(Stored data entries)
Lemma outside_P_two_sided s : K s -> ~ Pset K X Y s ->
  (exists2 x, x \in s & (X `\` Y) x) /\ (exists2 y, y \in s & (Y `\` X) y).
Proof.
move=> Ks sP; split; apply: contrapT => no_side; apply: sP; split => //.
  right; left => v vs.
  case: (simplex_vertex_sides Ks vs) => [[_ Yv]|Xv|[Yv _]] //.
  by case: no_side; exists v.
left => v vs; case: (simplex_vertex_sides Ks vs) => [[Xv _]|[Xv _]|Yv] //.
by case: no_side; exists v.
Qed.

Lemma link_apex (A B : set V) (a m w : V) :
  (forall tau, edge K tau -> card_in tau A = 1%N -> card_in tau B = 1%N ->
     K (tau `|` [fset a])%fset) ->
  A m -> ~ B m -> ~ A w -> B w -> K [fset m; w]%fset -> K [fset m; a]%fset.
Proof.
move=> apex Am nBm nAw Bw Kmw.
have mw : m != w by apply/eqP => emw; apply: nAw; rewrite -emw.
have Kmwa : K ([fset m; w] `|` [fset a])%fset.
  apply: apex (edge_pair K_complex Kmw (fset21 _ _) (fset22 _ _) mw) _ _.
    exact: card_in_pair.
  by rewrite [[fset m; w]%fset]fsetUC; exact: card_in_pair.
by apply: (simplex_pair K_complex Kmwa); rewrite !inE eqxx ?orbT.
Qed.

Lemma cross_edge_link x y : K [fset x; y]%fset -> (X `\` Y) x -> (Y `\` X) y ->
  K ([fset x; y] `|` [fset aX; aY])%fset.
Proof.
move=> Kxy [Xx nYx] [Yy nXy]; have xy : x != y by apply/eqP => exy; apply: nXy; rewrite -exy.
apply: edge_aXaY; first exact: edge_pair Kxy (fset21 _ _) (fset22 _ _) xy.
case=> _ [subX|[subY|[c [/fset2P[]-> []//]]]].
  by apply: nXy; apply: subX; rewrite fset22.
by apply: nYx; apply: subY; rewrite fset21.
Qed.
Lemma mcoeff_bilinear_neq0 (op : K -> K -> option K) f g c :
  (\sum_(a <- msupp f) \sum_(b <- msupp g)
     (if op a b is Some c' then << f@_a * g@_b *g c' >> else 0))@_c != 0 ->
  exists a b, [/\ f@_a != 0, g@_b != 0 & op a b = Some c].
Proof.
move=> /mcoeff_sum_neq0[a] /mcoeff_sum_neq0[b] nz; exists a, b; move: nz.
case: (op a b) => [c'|]; last by rewrite mcoeff0 eqxx.
rewrite mcoeffU; have [<-|] := eqVneq c' c; last by rewrite mulr0n eqxx.
rewrite mulr1n => nz; split => //.
  by apply: contraNneq nz => ->; rewrite mul0r.
by apply: contraNneq nz => ->; rewrite mulr0.
Qed.

End MalgCoefficients.

Section Monomials.
Variables (k : comNzRingType) (r : nat).
Implicit Types (d e : nat) (u v w t : seq (r.-tuple nat)) (f g : Alg k r).
Local Open Scope ring_scope.

Lemma msupp_monoA d w : msupp (monoA k d w) = [fset ((d, w) : key r)]%fset.
Proof. by rewrite /monoA msuppU oner_eq0. Qed.

Lemma inA_monoA d w : valid_key (d, w) -> inA (monoA k d w).
Proof. by move=> dw a; rewrite msupp_monoA inE => /eqP->. Qed.

Lemma mulA_monoA e d v w : size v = size w ->
  Defs.mulA (monoA k e v) (monoA k d w) = monoA k (e + d)%N (wvadd v w).
Proof.
move=> svw; rewrite /Defs.mulA !msupp_monoA !big_seq_fset1 /mul_key /= svw eqxx.
by rewrite !mcoeffUU mulr1.
Qed.

Lemma shufA_monoA s d u t :
  size u = count id s -> size t = (size s - count id s)%N ->
  shufA s (monoA k d u) (monoA k d t) = monoA k d (interleave s u t).
Proof.
move=> su st; rewrite /shufA !msupp_monoA !big_seq_fset1 /shuf_key /split_n /split_m /=.
by rewrite su st !eqxx !mcoeffUU mulr1.
Qed.

Definition supported_above w f : Prop :=
  forall a, f@_a != 0 -> valid_key a /\ word_le w a.2.

Lemma mul_key_above w (a b c : key r) :
  valid_key a -> valid_key b -> word_le w b.2 -> mul_key a b = Some c ->
  valid_key c /\ word_le w c.2.
Proof.
rewrite /mul_key; case: eqP => // sab va vb wb [<-]; split.
  by case: a b va vb {sab wb} => e u [d v]; apply: valid_key_wvadd.
exact: subword_all2 (@vle_trans r) wb (all2_vle_wvadd sab).
Qed.

Lemma shuf_key_above w s (a b c : key r) :
  valid_key a -> valid_key b -> word_le w b.2 -> shuf_key s a b = Some c ->
  valid_key c /\ word_le w c.2.
Proof.
rewrite /shuf_key; case: ifP => // /and3P[/eqP ab /eqP sa /eqP sb] va vb wb [<-].
split; first by apply: all_interleave; rewrite // ab.
by apply: subword_subseq wb _; apply: subseq_interleave.
Qed.

Lemma supported_above_ideal w : is_idealA (supported_above w).
Proof.
split; [split|split].
- by move=> f fw a; rewrite -mcoeff_neq0 => /fw[].
- by move=> a; rewrite mcoeff0 eqxx.
- move=> f g fw gw a; rewrite mcoeffD.
  by have [->|/fw//] := eqVneq f@_a 0; rewrite add0r => /gw.
- by move=> c f fw a; rewrite mcoeffZ; have [->|/fw//] := eqVneq f@_a 0; rewrite mulr0 eqxx.
- move=> f d n fw a /mcoeff_sum_neq0[b]; rewrite mcoeffU.
  by have [<-|] := eqVneq b a; rewrite ?mulr0n ?eqxx // mulr1n => /fw.
- move=> f g gA fw a /mcoeff_bilinear_neq0[b [c [gb fc bc]]].
  have [vc wc] := fw _ fc.
  by apply: mul_key_above vc wc bc; apply: gA; rewrite -mcoeff_neq0.
- move=> f g s gA fw a /mcoeff_bilinear_neq0[b [c [gb fc bc]]].
  have [vc wc] := fw _ fc.
  by apply: shuf_key_above vc wc bc; apply: gA; rewrite -mcoeff_neq0.
Qed.

Lemma mon_le_word_le d d' w w' :
  valid_key (d, w) -> mon_le (monoA k d w) (monoA k d' w') -> word_le w w'.
Proof.
move=> dw; have wm : supported_above w (monoA k d w).
  move=> a; rewrite mcoeffU; have [<- _|] := eqVneq ((d, w) : key r) a.
    by split=> //; exact: (subword_refl (@vle_refl r) w).
  by rewrite eqxx.
move=> /(_ _ (supported_above_ideal w) wm (d', w')).
by rewrite mcoeffUU oner_neq0 => /(_ isT)[].
Qed.

Lemma word_le_mon_le d d' w w' :
  (0 < size w)%N -> valid_key (d, w) -> valid_key (d', w') ->
  word_le w w' -> mon_le (monoA k d w) (monoA k d' w').
Proof.
move=> w_gt0 dw dw' [t tw' wt] I [_ [Imul Ishuf]] Iw.
have dt : valid_key (d', t) by apply/allP => x /(mem_subseq tw') /(allP dw').
have dd' := all2_vle_degree w_gt0 wt dw dt.
have [v [sv dv vwt]] := all2_vle_wvaddP wt dw dt.
have It : I (monoA k d' t).
  by rewrite -vwt -(subnK dd') -mulA_monoA //; apply: Imul => //; exact: inA_monoA.
have [s [u [<- su st du]]] := interleave_of_subseq tw' dw'.
have := Ishuf _ _ s (inA_monoA (du : valid_key (d', u))) It.
by rewrite shufA_monoA.
Qed.

End Monomials.

Lemma ex_min_measure (A : Type) (m : A -> nat) (P : A -> Prop) :
  (exists a, P a) -> exists a, P a /\ forall b, P b -> (m a <= m b)%N.
Proof.
case=> a Pa; have [n] := ubnP (m a); elim: n a Pa => // n IH a Pa.
rewrite ltnS => le_man.
have [[b [Pb ltba]]|nlt] := classic (exists b, P b /\ (m b < m a)%N).
  exact: IH b Pb (leq_trans ltba le_man).
exists a; split=> // b Pb; rewrite leqNgt; apply/negP => ltba.
by apply: nlt; exists b.
Qed.

Definition has_ascending_subseqs (T : Type) (R : T -> T -> bool) : Prop :=
  forall x : nat -> T, exists f : nat -> nat,
    {homo f : i j / (i < j)%N} /\ (forall i j, (i < j)%N -> R (x (f i)) (x (f j))).

Lemma nat_has_ascending_subseqs : has_ascending_subseqs leq.
Proof.
move=> y.
pose min_from n i := (n <= i)%N /\ forall j, (n <= j)%N -> (y i <= y j)%N.
pose g n := epsilon (inhabits 0%N) (min_from n).
have gP n : min_from n (g n).
  by apply: epsilon_spec; apply: ex_min_measure; exists n.
pose f := fix f i := g (if i is i'.+1 then (f i').+1 else 0%N).
have f_incr : {homo f : i j / (i < j)%N}.
  by apply: homo_ltn; [apply: ltn_trans | move=> i; apply: (gP _).1].
have f_min i : exists n, min_from n (f i) by case: i => [|i]; eexists; apply: gP.
exists f; split=> // i j /f_incr /ltnW lefij.
have [n [le_nfi min_fi]] := f_min i.
exact/min_fi/(leq_trans le_nfi lefij).
Qed.

Lemma has_ascending_subseqs_relpre (T U : Type) (g : T -> U) (R : U -> U -> bool) :
  has_ascending_subseqs R -> has_ascending_subseqs (relpre g R).
Proof. by move=> ascR x; apply: ascR (g \o x). Qed.

Lemma has_ascending_subseqs_all (T I : Type) (Rs : I -> T -> T -> bool) (s : seq I) :
  (forall i, has_ascending_subseqs (Rs i)) ->
  has_ascending_subseqs (fun a b => all (fun i => Rs i a b) s).
Proof.
move=> ascRs; elim: s => [|i s IH] x; first by exists id; split.
have [f [f_incr Rf]] := IH x; have [g [g_incr Rg]] := ascRs i (x \o f).
exists (f \o g); split=> [j l ljl|j l ljl] /=; first exact/f_incr/g_incr.
by rewrite Rg // Rf //; apply: g_incr.
Qed.

Lemma dickson (r : nat) : has_ascending_subseqs (@vle r).
Proof.
move=> x; have [f [f_incr Rf]] := has_ascending_subseqs_all (enum 'I_r)
  (fun i => has_ascending_subseqs_relpre (fun a : r.-tuple nat => tnth a i)
              nat_has_ascending_subseqs) x.
exists f; split=> // i j lij; apply/forallP => c.
by move/allP: (Rf i j lij) => /(_ c); rewrite mem_enum; apply.
Qed.

Section MinimalBadSequence.
Variables (T : eqType) (R : rel T).

Definition bad (x : nat -> seq T) : Prop :=
  forall i j, (i < j)%N -> ~ subword R (x i) (x j).

Definition extends_to_bad (p : seq (seq T)) : Prop :=
  exists2 x, bad x & forall i, (i < size p)%N -> x i = nth [::] p i.

Definition minimal_next (p : seq (seq T)) (w : seq T) : Prop :=
  extends_to_bad (rcons p w) /\
  forall w', extends_to_bad (rcons p w') -> (size w <= size w')%N.

Definition next_min (p : seq (seq T)) : seq T :=
  epsilon (inhabits [::]) (minimal_next p).

Lemma next_minP p : extends_to_bad p -> minimal_next p (next_min p).
Proof.
case=> x bx px; apply: epsilon_spec; apply: ex_min_measure.
exists (x (size p)), x => // i; rewrite size_rcons ltnS nth_rcons leq_eqVlt.
by case/orP => [/eqP->|ltip]; rewrite ?ltnn ?eqxx // ltip px.
Qed.

Fixpoint mbs_prefix (n : nat) : seq (seq T) :=
  if n is n'.+1 then rcons (mbs_prefix n') (next_min (mbs_prefix n')) else [::].

Definition mbs (n : nat) : seq T := next_min (mbs_prefix n).

Lemma size_mbs_prefix n : size (mbs_prefix n) = n.
Proof. by elim: n => //= n IH; rewrite size_rcons IH. Qed.

Lemma nth_mbs_prefix n i : (i < n)%N -> nth [::] (mbs_prefix n) i = mbs i.
Proof.
elim: n => // n IH; rewrite ltnS /= nth_rcons size_mbs_prefix leq_eqVlt.
by case/orP => [/eqP->|ltin]; rewrite ?ltnn ?eqxx // ltin IH.
Qed.

Hypothesis bad_exists : extends_to_bad [::].

Lemma extends_to_bad_mbs_prefix n : extends_to_bad (mbs_prefix n).
Proof. by elim: n => //= n IH; case: (next_minP IH). Qed.

Lemma mbs_bad : bad mbs.
Proof.
move=> i j lij; have [x bx px] := extends_to_bad_mbs_prefix j.+1.
rewrite -(nth_mbs_prefix (ltn_trans lij (ltnSn j))) -(nth_mbs_prefix (ltnSn j)).
by rewrite -!px ?size_mbs_prefix //; [apply: bx | apply: ltn_trans lij _].
Qed.

Lemma mbs_neq_nil i : mbs i <> [::].
Proof. by move=> mi; apply: (mbs_bad (ltnSn i)); rewrite mi; apply: subword_nil. Qed.

(* Splicing the tails along an ascending subsequence of the heads gives a bad
   sequence agreeing with [mbs] before [f 0] whose entry at [f 0] is shorter
   than [mbs (f 0)]. *)
Lemma mbs_heads_not_ascending (a : T) (f : nat -> nat) :
  {homo f : i j / (i < j)%N} ->
  ~ (forall i j, (i < j)%N -> R (head a (mbs (f i))) (head a (mbs (f j)))).
Proof.
move=> f_incr Rf.
have mbsE i : mbs i = head a (mbs i) :: behead (mbs i).
  by case: (mbs i) (@mbs_neq_nil i).
have f0_le n : (f 0 <= f n)%N by case: n => // n; apply/ltnW/f_incr.
pose y n := if (n < f 0)%N then mbs n else behead (mbs (f (n - f 0))).
have y_bad : bad y.
  move=> i j lij; rewrite /y; case: ifP => ltif; case: ifP => ltjf.
  - exact: mbs_bad.
  - move=> yij; apply: (mbs_bad (leq_trans ltif (f0_le (j - f 0)))).
    by rewrite (mbsE (f _)); apply: subword_cons_r.
  - by move: (ltn_trans lij ltjf); rewrite ltif.
  - have lt_shift : (i - f 0 < j - f 0)%N by rewrite ltn_sub2rE // leqNgt ltif.
    move=> yij; apply: (mbs_bad (f_incr _ _ lt_shift)).
    rewrite (mbsE (f (i - f 0))) (mbsE (f (j - f 0))).
    exact: subword_cons (Rf _ _ lt_shift) yij.
have : extends_to_bad (rcons (mbs_prefix (f 0)) (behead (mbs (f 0)))).
  exists y => // i; rewrite size_rcons size_mbs_prefix ltnS nth_rcons size_mbs_prefix.
  rewrite /y leq_eqVlt => /orP[/eqP->|ltif]; first by rewrite ltnn eqxx subnn.
  by rewrite ltif nth_mbs_prefix.
move=> /((next_minP (extends_to_bad_mbs_prefix (f 0))).2).
by rewrite -/(mbs (f 0)) {1}mbsE /= ltnn.
Qed.

End MinimalBadSequence.

Lemma higman (T : eqType) (R : rel T) :
  has_ascending_subseqs R ->
  forall x : nat -> seq T, exists i j, (i < j)%N /\ subword R (x i) (x j).
Proof.
move=> ascR x; apply: NNPP => no_good.
have bad_exists : extends_to_bad R [::].
  by exists x => // i j lij xij; apply: no_good; exists i, j.
have [a _] : exists a : T, True by case: (mbs R 0) (@mbs_neq_nil T R bad_exists 0) => // a.
have [f [f_incr Rf]] := ascR (fun i => head a (mbs R i)).
exact: (mbs_heads_not_ascending bad_exists f_incr Rf).
Qed.

Theorem proposition2p4 (k : comNzRingType) (r : nat) :
  noetherian_ring k -> (0 < r)%N ->
  (forall (d d' : nat) (w w' : seq (r.-tuple nat)),
      (0 < size w)%N ->
      all (fun x : r.-tuple nat => sumn x == d) w ->
      all (fun x : r.-tuple nat => sumn x == d') w' ->
      (mon_le (monoA k d w) (monoA k d' w') <-> word_le w w'))
  /\
  (forall x : nat -> seq (r.-tuple nat),
      exists i j, (i < j)%N /\ word_le (x i) (x j)).
Proof.
move=> _ _; split.
  move=> d d' w w' w_gt0 dw dw'; split; first exact: mon_le_word_le dw.
  exact: word_le_mon_le.
exact: higman (@dickson r).
Qed.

[Problem to work on] Lines that include the word "Variables" are to be extracted from the data above.

[Exercise response]
Variables (k : comNzRingType) (r : nat).
Variables (T : eqType) (R : rel T).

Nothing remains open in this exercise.